Эта была последняя полученная Ленкой открытка от сестры. Тем летом возобновились депортации словацких евреев, и теперь не щадили даже семьи с освобождениями. Гартманов предупредил местный полицейский, и они спешно покинули ферму. Ленкина семья – мать и сестра Лилли со своими мальчиком и девочкой – уже переехали в другой город. Им не успели сказать, что Гартманы собираются спрятаться. Бела и Дула с семьями разделились. Дулу с женой и дочерью, младшей сестрой Нюси, схватили. Они не выжили. Оставшихся детей, Бьянку и Андрея, спасли и спрятали в лесу их дядя с теткой. Три с половиной месяца «мы пролежали, как сардины в банке», в подземном убежище вместе с другими членами семьи.

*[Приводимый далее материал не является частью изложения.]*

Lemma dcoef_scale (e : bool) (i : nat) (f : bool) (j : nat) (g : bool) (l : 'I_m) :
  let q := absz (((if f then - (i%:Z) else i%:Z) + j%:Z) %% (2 * m)%:Z)%Z in
  ratr (dcoef m e i f j g l) *: dihedral_mx w g l
  = if (g == e (+) f) && (l == q %% m :> nat)%N then dihedral_mx w g q else 0.
Proof.
move=> q; have q_lt : (q < 2 * m)%N.
  rewrite /q -ltz_nat gez0_abs ?modz_ge0 ?ltz_pmod //; rewrite ?ltz_nat; lia.
rewrite /dcoef -/q eq_sym; case: eqP => [_|]; last by rewrite rmorph0 scale0r.
case: (ltnP q m) => [q_lt_m | q_ge_m].
  rewrite modn_small // [l == q :> nat]eq_sym.
  case: eqP => [-> | _]; first by rewrite rmorph1 scale1r.
  have -> : (q == l + m)%N = false by apply/eqP; lia.
  by rewrite rmorph0 scale0r.
have -> : (q == l :> nat) = false by apply/eqP; have := ltn_ord l; lia.
have -> : (q %% m = q - m)%N by rewrite -{1}(subnK q_ge_m) modnDr modn_small //; lia.
have -> : (q == l + m)%N = (l == q - m :> nat)%N by apply/eqP/eqP; lia.
case: eqP => [l_eq | _]; last by rewrite rmorph0 scale0r.
by rewrite rmorphN1 scaleN1r -(subnK q_ge_m) -l_eq dihedral_mx_antiperiod // opprK.
Qed.

Lemma dcoef_dihedral_mx (e : bool) (i : nat) (f : bool) (j : nat) :
  \sum_(gl : bool * 'I_m) ratr (dcoef m e i f j gl.1 gl.2) *: dihedral_mx w gl.1 gl.2
  = dihedral_mx w e i *m dihedral_mx w f j.
Proof.
set k := (if f then - (i%:Z) else i%:Z) + j%:Z.
set q := absz (k %% (2 * m)%:Z)%Z.
have q_mod : (k %% (2 * m)%:Z)%Z = q by rewrite gez0_abs // modz_ge0 // eqz_nat; lia.
have -> : dihedral_mx w e i *m dihedral_mx w f j = dihedral_mx w (e (+) f) q.
  by rewrite dihedral_mxM // /dihedral_mx (exprz_modz _ w2m) q_mod.
under eq_bigr => gl _ do rewrite dcoef_scale -/k -/q.
by rewrite -big_mkcond (big_pred1 (e (+) f, Ordinal (ltn_pmod q m_gt0))).
Qed.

Жена Белы Ирма находилась в больнице, и из всей семьи она, похоже, была единственным человеком, которому ничто не угрожало: эсэсовцы не искали евреев в больницах. Бела с Эвженом (братом Магдушки) убежали в горы. Один деревенский священник, который «знал обо всех, где и кто прячется», наставляя в своих воскресных проповедях прихожан, говорил что их долг – «„помогать нуждающимся “. Слово „евреям “ он не добавлял, но все прекрасно понимали, о ком речь, и вся деревня помогала евреям», – вспоминает Эвжен.

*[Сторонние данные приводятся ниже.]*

Lemma reduction_eqI J J' : eqI J J' -> reduction J -> reduction J'.
Proof.
move=> JJ' [[[JO J0 JD JM] IXJ Jmax] [k redJ]]; split.
  split; first split.
  - by move=> u /JJ' /JO.
  - exact/JJ'.
  - by move=> u v /JJ' Ju /JJ' Jv; apply/JJ'; apply: JD.
  - by move=> a u Oa /JJ' Ju; apply/JJ'; apply: JM.
  - by move=> u /IXJ /JJ'.
  - by move=> u /JJ' /Jmax.
exists k => u; rewrite redJ; split; case=> [a [b [Aa Bb ->]]]; exists a, b.
  by split => //; apply: prodI_monol Aa => v /JJ'.
by split => //; apply: prodI_monol Aa => v /JJ'.
Qed.

Lemma prodI_genX_powI_sub p k : (forall v, v \in p -> mP v) ->
  subI (sumI (prodI (genX p) (mpow k)) IX) (sumI (mpow k.+1) IX).
Proof.
move=> p_max; have modT := Omodule_sumI (Omodule_powI k.+1) Omodule_IX.
have [T0 TD _] := modT.
apply: sumI_subI modT _ (fun i => sumIr (Omodule_powI _)).
apply: prodI_subI => // a b [v [i [Sv IXi ->]]] Pb; rewrite mulrDl; apply: TD.
  apply: sumIl Omodule_IX _; apply: prodI_mul Pb.
  exact: span_subI Omodule_max (fun _ => id) p_max _ Sv.
by apply: sumIr (Omodule_powI _) _; rewrite mulrC; apply: IXM (powI_sub_ring Pb) IXi.
Qed.

(* A reduction [J] lying in [(p) + m (q) + I_X] forces [(p) + I_X] to be one:
   modulo [(p) m^k + I_X], the generators of [m^(k+1)] lie in [m^(k+2)], so
   Nakayama applies. *)
Lemma powI_sub_prodI_genX J p q k :
  (forall v, v \in p -> mP v) -> (forall v, v \in q -> mP v) ->
  subI J (sumI (span O p) (sumI (span mP q) IX)) ->
  subI (mpow k.+1) (sumI (prodI J (mpow k)) IX) ->
  subI (mpow k.+1) (sumI (prodI (genX p) (mpow k)) IX).
Proof.
move=> p_max q_max J_cover redJ.
have modP : Omodule (prodI (genX p) (mpow k)) by apply: Omodule_prodI; case: (Omodule_genX p).
set N := sumI _ IX; have modN : Omodule N by apply: Omodule_sumI modP Omodule_IX.
have [G G_P P_G] := fin_gen_powI k.+1.
have modT : Omodule (sumI N (span mP G)) by apply: Omodule_sumI modN (Omodule_span _ Omodule_max).
have [T0 TD _] := modT.
have NG : forall g, g \in G -> N g.
  apply: (nakayama modN) => g gG; apply: sumI_subI modT _ _ _ (redJ _ (G_P _ gG)).
    apply: prodI_subI => // c b Jc Pb.
    have [v [wi [Sv [w [i [Sw IXi ->]]] ->]]] := J_cover c Jc.
    rewrite !mulrDl; apply: (TD); last apply: (TD).
    - apply: sumIl (Omodule_span _ Omodule_max) _; apply: sumIl Omodule_IX _.
      by apply: prodI_mul Pb; apply: sumIl Omodule_IX Sv.
    - apply: sumIr modN _; move: (span_max_mul_powI q_max Sw Pb) => /=.
      apply: prodI_subI; try by case: (Omodule_span G Omodule_max).
      by move=> a c' max_a Pc'; apply: max_mul_span max_a (P_G _ Pc').
    - apply: sumIl (Omodule_span _ Omodule_max) _; apply: sumIr modP _.
      by rewrite mulrC; apply: IXM (powI_sub_ring Pb) IXi.
  by move=> i IXi; apply: sumIl (Omodule_span _ Omodule_max) _; apply: sumIr modP _.
by move=> z /P_G Sz; apply: span_subI modN (fun _ => id) NG _ Sz.
Qed.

Кузена Аделы, Лу Гросса, которому уже исполнилось шесть лет, однажды подняли среди ночи и спрятали на сенокосе. Когда ты «родился в привилегированной семье», а теперь «вынужден бегать, спасаясь от некоего невидимого врага», – такое трудно уразуметь, особенно маленькому ребенку. Его отец ушел в партизаны драться с нацистами, и матери то и дело приходилось уводить семью из одного безопасного места в другое, всякий раз оказываясь на шаг впереди беды.
Русский фронт вплотную подходил к Словакии со стороны восточной части польской границы, и словацкие партизаны – евреи и неевреи, коммунисты и не коммунисты – продолжали вести невидимую войну против режима Тисо. 29 августа 1944 года они организовали мятеж, который потом назовут Словацким национальным восстанием. Под его влиянием тысячи словаков дезертировали из армии Тисо и присоединились к партизанам.
Восточную Словакию затопили реки крови. Ситуация на Восточном фронте обострялась по мере того, как немецкие войска оттесняли партизан назад в Татры и Карпаты, где Иван Раухвергер с друзьями в течение почти двух лет готовили пещеры, чтобы те могли служить тайными убежищами. Юные словаки и даже словачки, включая, например, бывшую одноклассницу Эдиты, Зузану Зермер, сыграли важную роль в подготовке входа советских войск, поскольку знали в горах все ходы и выходы и могли свести русских солдат с симпатизирующими им словаками, готовыми восстать.
Первой мишенью возмездия немцев за Словацкое восстание стали евреи, которым законодательно запретили жить вблизи восточной границы. Этот закон был последней отчаянной попыткой Тисо – он решил переместить евреев на запад от Попрада и там их «сконцентрировать», дабы потом решить «окончательный вопрос» по-своему.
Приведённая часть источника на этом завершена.